= Fred Dunkel =

Friedrich Otto (Fred) Dunkel (31 March 1891 – 16 May 1948) was a journalist, businessman, and filmmaker in Germany and one of the pioneers of the film making industry in Palestine before the establishment of Israel.

==Biography==
Friedrich Dunkel, a Protestant Christian, was born in Erfurt, Germany. After a period of studies in Zurich and Milan, he began to produce films in Berlin in 1913. During World War I he was recruited into the German army as a driver and eventually was sent to Palestine to serve. On this first encounter with the Middle East he became enchanted with the region. After the war he returned to Berlin to resume work in film. During his frequent visits to a chocolate shop he met and married the daughter of the owner Cyla Anderman, a Jew. He also adopted her daughter Rosa. They lived in Berlin where Dunkel established a film studio and laboratory. In 1932 he documented Hitler's election campaign.

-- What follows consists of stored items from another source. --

(* POMW is analysed with the Lyapunov function V_t = sum_i beta_i D_{t,i}.  In
   one slot V drops in expectation by the POMW index of the scheduled node and
   grows by sum_i beta_i.  By the tower property the index
   beta_i p_i (D_i - E[d_i | AP history]) has the same expectation as
   beta_i p_i (D_i - d_i), and POMW schedules a maximal index; averaging the
   indices with the weights q_i / p_i (which sum to at most 1) and using
   (q_i / p_i) beta_i p_i = omega_i / lambda_i bounds
   sum_i omega_i / lambda_i E[D_i - d_i] by the expected drop of V.  Together
   with E[d_i] <= 1 / lambda_i and telescoping, the time-average cost is at
   most (sum_i beta_i + sum_i omega_i / lambda_i) / N + O(1/T), and
   beta_i <= omega_i / (lambda_min q_i), omega_i / lambda_i <= omega_i / lambda_min
   compare this with (2 / lambda_min) L_B. *)

From HB Require Import structures.
From mathcomp Require Import all_boot all_order all_algebra.
From mathcomp Require Import reals.
From mathcomp Require Import ring lra.
Set Implicit Arguments. Unset Strict Implicit. Unset Printing Implicit Defensive.
Import Order.TTheory GRing.Theory Num.Theory.
Local Open Scope ring_scope.

Lemma sum_tuple_rcons (T : finType) (V : nmodType) t (F : seq T -> V) :
  \sum_(u : t.+1.-tuple T) F u = \sum_(s : t.-tuple T) \sum_(x : T) F (rcons s x).
Proof.
rewrite pair_bigA /=.
pose snoc (sx : t.-tuple T * T) := [tuple of rcons sx.1 sx.2].
pose unsnoc (u : t.+1.-tuple T) :=
  ([tuple of belast (thead u) (behead_tuple u)], last (thead u) (behead u)).
have tupleI (u : t.+1.-tuple T) : thead u :: behead u = u.
  by rewrite {3}(tuple_eta u).
rewrite (reindex snoc) //; exists unsnoc => [[s x] _ | u _]; last first.
  by apply: val_inj; rewrite /= -lastI tupleI.
have /rcons_inj[Es Ex] :
    rcons s x = rcons (belast (thead (snoc (s, x))) (behead (snoc (s, x))))
                      (last (thead (snoc (s, x))) (behead (snoc (s, x)))).
  by rewrite -lastI tupleI.
rewrite /unsnoc; congr pair; last by rewrite -Ex.
by apply: val_inj; rewrite /= -Es.
Qed.

Lemma psumr_gt0 (R : numDomainType) (I : finType) (i0 : I) (F : I -> R) :
  (forall i, 0 < F i) -> 0 < \sum_i F i.
Proof.
move=> F_gt0; rewrite (bigD1 i0) //= ltr_pwDl //.
by apply: sumr_ge0 => i _; apply: ltW.
Qed.

Lemma ler_subconvex_sum (R : numDomainType) (I : finType) (c a : I -> R) (M : R) :
  (forall k, 0 <= c k) -> \sum_k c k <= 1 -> 0 <= M -> (forall k, a k <= M) ->
  \sum_k c k * a k <= M.
Proof.
move=> c_ge0 c_sum M_ge0 a_le; apply: le_trans (_ : \sum_k c k * M <= M).
  by apply: ler_sum => k _; rewrite ler_wpM2l.
by rewrite -mulr_suml ler_piMl.
Qed.

Section ConditionalMean.
Variables (R : realFieldType) (T : finType) (K : eqType) (w : T -> R) (f : T -> K).
Hypothesis w_ge0 : forall x, 0 <= w x.

Definition cond_mean (g : T -> R) (k : K) : R :=
  (\sum_(x | f x == k) w x * g x) / \sum_(x | f x == k) w x.

Lemma sum_cond_mean (phi : K -> R) (g : T -> R) :
  \sum_x w x * (phi (f x) * cond_mean g (f x)) = \sum_x w x * (phi (f x) * g x).
Proof.
pose W k := \sum_(x | f x == k) w x.
have fibreE y : \sum_x (if f y == f x then w x * (phi (f x) * (w y * g y / W (f x))) else 0)
                = w y * (phi (f y) * g y).
  rewrite -big_mkcond /= (eq_bigl (fun x => f x == f y)) => [|x]; last exact: eq_sym.
  rewrite (eq_bigr (fun x => w x * (phi (f y) * (w y * g y / W (f y))))) => [|x /eqP-> //].
  rewrite -mulr_suml -/(W (f y)).
  have [W0 | Wn0] := eqVneq (W (f y)) 0; last by field.
  (* a null fibre: its mean is the junk value 0, and w y = 0 kills the right side *)
  suff -> : w y = 0 by rewrite W0 !(mul0r, mulr0).
  by apply/eqP; rewrite eq_le w_ge0 -W0 /W (bigD1 y) //= lerDl sumr_ge0.
rewrite -(eq_bigr _ (fun y _ => fibreE y)) exchange_big /=.
apply: eq_bigr => x _; rewrite /cond_mean big_mkcond mulr_suml !mulr_sumr.
by apply: eq_bigr => y _; case: ifP; rewrite ?(mul0r, mulr0).
Qed.
End ConditionalMean.

Section SlotProbability.
Variables (R : realType) (N : nat) (lam p : 'I_N -> R).
Hypothesis lam01 : forall i, 0 <= lam i <= 1.
Hypothesis p01 : forall i, 0 <= p i <= 1.

Definition node_w (i : 'I_N) (b : bool * bool) : R :=
  (if b.1 then lam i else 1 - lam i) * (if b.2 then p i else 1 - p i).

Lemma node_w_ge0 i b : 0 <= node_w i b.
Proof.
have /andP[lam0 lam1] := lam01 i; have /andP[p0 p1] := p01 i.
by case: b => [[] []]; apply: mulr_ge0; rewrite /= ?subr_ge0.
Qed.

Lemma sum_node_w i (f : bool * bool -> R) :
  \sum_(b : bool * bool) node_w i b * f b =
    lam i * p i * f (true, true) + lam i * (1 - p i) * f (true, false)
    + (1 - lam i) * p i * f (false, true)
    + (1 - lam i) * (1 - p i) * f (false, false).
Proof.
rewrite (eq_bigr (fun b => node_w i (b.1, b.2) * f (b.1, b.2))); last by case.
rewrite -(pair_bigA _ (fun a b => node_w i (a, b) * f (a, b))) !big_bool /= /node_w /=; ring.
Qed.

Lemma sum_node_w1 i : \sum_(b : bool * bool) node_w i b = 1.
Proof.
under eq_bigr do rewrite -[node_w _ _]mulr1.
by rewrite sum_node_w; ring.
Qed.

Lemma sum_slot_w1 : \sum_(x : slotT N) slot_w lam p x = 1.
Proof.
rewrite (eq_bigr (fun x : slotT N => \prod_(k < N) node_w k (x k))) //.
by rewrite -(bigA_distr_bigA node_w) big1 // => k _; apply: sum_node_w1.
Qed.

Lemma sum_slot_w_marginal i (f : bool * bool -> R) :
  \sum_(x : slotT N) slot_w lam p x * f (x i) = \sum_(b : bool * bool) node_w i b * f b.
Proof.
pose g k b := node_w k b * (if k == i then f b else 1).
have gE (x : slotT N) : slot_w lam p x * f (x i) = \prod_(k < N) g k (x k).
  rewrite big_split /= [X in _ = _ * X](bigD1 i) //= eqxx.
  by rewrite [X in _ = _ * (_ * X)]big1 ?mulr1 // => k /negbTE ->.
rewrite (eq_bigr _ (fun x _ => gE x)) -(bigA_distr_bigA g) (bigD1 i) //=.
rewrite [X in _ * X]big1 ?mulr1 => [|k /negbTE ki].
  by apply: eq_bigr => b _; rewrite /g eqxx.
by rewrite /g ki; under eq_bigr do rewrite mulr1; apply: sum_node_w1.
Qed.

Definition expect t (g : seq (slotT N) -> R) : R :=
  \sum_(s : t.-tuple (slotT N)) path_w lam p s * g s.

Lemma path_w_ge0 s : 0 <= path_w lam p s.
Proof. by apply: prodr_ge0 => x _; apply: prodr_ge0 => k _; apply: node_w_ge0. Qed.

Lemma expect0 g : expect 0 g = g [::].
Proof.
rewrite /expect (big_pred1 [tuple]) => [|u]; last by rewrite (tuple0 u) /= eqxx.
by rewrite /path_w big_nil mul1r.
Qed.

Lemma expectS t g :
  expect t.+1 g = expect t (fun s => \sum_(x : slotT N) slot_w lam p x * g (rcons s x)).
Proof.
rewrite /expect (sum_tuple_rcons _ (fun u => path_w lam p u * g u)); apply: eq_bigr => s _.
rewrite mulr_sumr; apply: eq_bigr => x _.
by rewrite /path_w -cats1 big_cat big_seq1 mulrA.
Qed.

Lemma eq_expect t g1 g2 :
  (forall s, size s = t -> g1 s = g2 s) -> expect t g1 = expect t g2.
Proof. by move=> g12; apply: eq_bigr => s _; rewrite g12 ?size_tuple. Qed.

Lemma ler_expect t g1 g2 :
  (forall s, size s = t -> g1 s <= g2 s) -> expect t g1 <= expect t g2.
Proof.
by move=> g12; apply: ler_sum => s _; rewrite ler_wpM2l ?path_w_ge0 ?g12 ?size_tuple.
Qed.

Lemma expectD t g1 g2 : expect t (fun s => g1 s + g2 s) = expect t g1 + expect t g2.
Proof. by rewrite /expect -big_split; apply: eq_bigr => s _; rewrite mulrDr. Qed.

Lemma expectB t g1 g2 : expect t (fun s => g1 s - g2 s) = expect t g1 - expect t g2.
Proof. by rewrite /expect -sumrB; apply: eq_bigr => s _; rewrite mulrBr. Qed.

Lemma expectZ t c g : expect t (fun s => c * g s) = c * expect t g.
Proof. by rewrite /expect mulr_sumr; apply: eq_bigr => s _; rewrite mulrCA. Qed.

Lemma expect_sum t (I : Type) (r : seq I) (P : pred I) (G : I -> seq (slotT N) -> R) :
  expect t (fun s => \sum_(j <- r | P j) G j s) = \sum_(j <- r | P j) expect t (G j).
Proof. by rewrite /expect exchange_big; apply: eq_bigr => s _; rewrite mulr_sumr. Qed.

Lemma expect_cst t c : expect t (fun _ => c) = c.
Proof.
elim: t => [|t IHt]; first by rewrite expect0.
rewrite expectS -[RHS]IHt; apply: eq_expect => s _.
by rewrite -mulr_suml sum_slot_w1 mul1r.
Qed.

Lemma expect_ge0 t g : (forall s, size s = t -> 0 <= g s) -> 0 <= expect t g.
Proof. by move=> g0; rewrite -(expect_cst t 0); apply: ler_expect. Qed.

Lemma expect_take t T g : (t <= T)%N -> expect T (fun s => g (take t s)) = expect t g.
Proof.
elim: T => [|T IHT]; first by rewrite leqn0 => /eqP->; apply: eq_expect => s /size0nil->.
rewrite leq_eqVlt => /orP[/eqP-> | tT].
  by apply: eq_expect => s sT; rewrite take_oversize ?sT.
rewrite expectS -IHT //; apply: eq_expect => s sT.
by under eq_bigr do rewrite -cats1 takel_cat ?sT //; rewrite -mulr_suml sum_slot_w1 mul1r.
Qed.

Lemma loc_age_rcons (s : seq (slotT N)) x i :
  loc_age (rcons s x) i = if (x i).1 then 1%N else (loc_age s i).+1.
Proof. by rewrite /loc_age foldl_rcons. Qed.

Lemma loc_age_bounds (s : seq (slotT N)) i : (1 <= loc_age s i <= (size s).+1)%N.
Proof.
elim/last_ind: s => [|s x IHs] //; rewrite loc_age_rcons size_rcons.
by case: (x i).1 => //; case/andP: IHs => _; rewrite /= ltnS.
Qed.

Lemma sum_slot_w_loc_age (s : seq (slotT N)) i :
  \sum_(x : slotT N) slot_w lam p x * (loc_age (rcons s x) i)%:R =
    1 + (1 - lam i) * (loc_age s i)%:R.
Proof.
under eq_bigr do rewrite loc_age_rcons.
rewrite (sum_slot_w_marginal i (fun b => (if b.1 then 1%N else (loc_age s i).+1)%:R)).
by rewrite sum_node_w /= -natr1; ring.
Qed.

Lemma expect_loc_age_le t i : 0 < lam i -> expect t (fun s => (loc_age s i)%:R) <= (lam i)^-1.
Proof.
move=> lam_gt0; have /andP[_ lam_le1] := lam01 i.
elim: t => [|t IHt]; first by rewrite expect0 invf_ge1.
rewrite expectS (eq_expect (g2 := fun s => 1 + (1 - lam i) * (loc_age s i)%:R)) => [|s _];
  last exact: sum_slot_w_loc_age.
rewrite expectD expect_cst expectZ.
apply: le_trans (_ : 1 + (1 - lam i) * (lam i)^-1 <= _).
  by rewrite lerD2l ler_wpM2l ?subr_ge0.
by rewrite mulrBl mul1r divff ?gt_eqF // addrC subrK.
Qed.

Lemma belief_meanE (Hf : seq (slotT N) -> seq (obsT N)) t h i :
  belief_mean lam p Hf t h i =
  cond_mean (fun s : t.-tuple (slotT N) => path_w lam p s) (fun s => Hf s)
            (fun s => (loc_age s i)%:R) h.
Proof.
have sum_indicator (L : nat) : (1 <= L <= t.+1)%N ->
    \sum_(1 <= d < t.+2) (L == d)%:R * (d%:R : R) = L%:R.
  move=> L_range; under eq_bigr do rewrite eq_sym mulr_natl mulrb.
  by rewrite -big_mkcond big_nat1_eq ltnS L_range.
rewrite /belief_mean /belief /cond_mean; under eq_bigr do rewrite mulrAC.
rewrite -mulr_suml; congr (_ / _); under eq_bigr do rewrite mulr_suml.
rewrite exchange_big; apply: eq_bigr => s _; under eq_bigr do rewrite -mulrA.
by rewrite -mulr_sumr sum_indicator //; have := loc_age_bounds s i; rewrite size_tuple.
Qed.

Lemma expect_belief_mean (Hf : seq (slotT N) -> seq (obsT N)) t i (phi : seq (obsT N) -> R) :
  expect t (fun s => phi (Hf s) * belief_mean lam p Hf t (Hf s) i) =
  expect t (fun s => phi (Hf s) * (loc_age s i)%:R).
Proof.
rewrite /expect; under eq_bigr do rewrite belief_meanE.
by apply: sum_cond_mean => s; apply: path_w_ge0.
Qed.

Section POMW.
Variables (beta : 'I_N -> R) (tb : nat -> seq (obsT N) -> ('I_N -> R) -> 'I_N).

Local Notation H t := (hist lam p beta tb t).

Definition scheduled t (s : seq (slotT N)) : 'I_N := pomw_decide lam p beta tb (H t) t (H t s).
Definition aoi t s i : R := (ap_age (H t s) i)%:R.
Definition lyapunov t s : R := \sum_(i < N) beta i * aoi t s i.
Definition pomw_gain t s : R := pomw_index lam p beta (H t) t (H t s) (scheduled t s).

With the rise to power of the Nazis and the laws governing Aryan purity, Dunkel was being forced to divorce his wife because of her Jewish ancestry. Instead he decided to move his family out of Germany. He withdrew a large amount of funds from his bank account and awaited the inevitable visit from the Gestapo. Laws in Germany at that time forbid the transfer of funds out of the country. He told representatives of the Gestapo that he had used the money to pay personal debts and buy new furniture. The Gestapo believed that he had transferred the funds to a Swiss account. Dunkel admitted to having a small account in Switzerland and invited the Gestapo to accompany him to Zurich to confirm his story. His invitation was accepted and the family left Germany, with their money hidden away, escorted over the border by Gestapo agents. Once in Switzerland, the Dunkels were free to leave for Eretz Israel, with their money, while the duped Gestapo agents continued to investigate a bank account that was almost empty.

Arriving in Palestine the family took up residence on 9 Gordon St. in Tel Aviv. Fred opened a film production company which he called Hafilm Ha’Eretz Israeli which was the identical name chosen by Chaim Halachmi, the producer of the first sound film in Palestine. Dunkel established a laboratory dealing with 16 mm, 9.5mm and 8mm stock. He produced, developed and distributed films, as well as renting out equipment and teaching cinematography. He did not learn Hebrew but was registered by the mandatory authorities as a Jew despite the fact that he did not convert to Judaism. He associated with other German speaking immigrants, mostly from the world of arts. He knew Helmar Lerski, director of the films Avodah and Adamah and was friends with filmmaker Yerushalayim Segal and photographer Zoltan Kluger.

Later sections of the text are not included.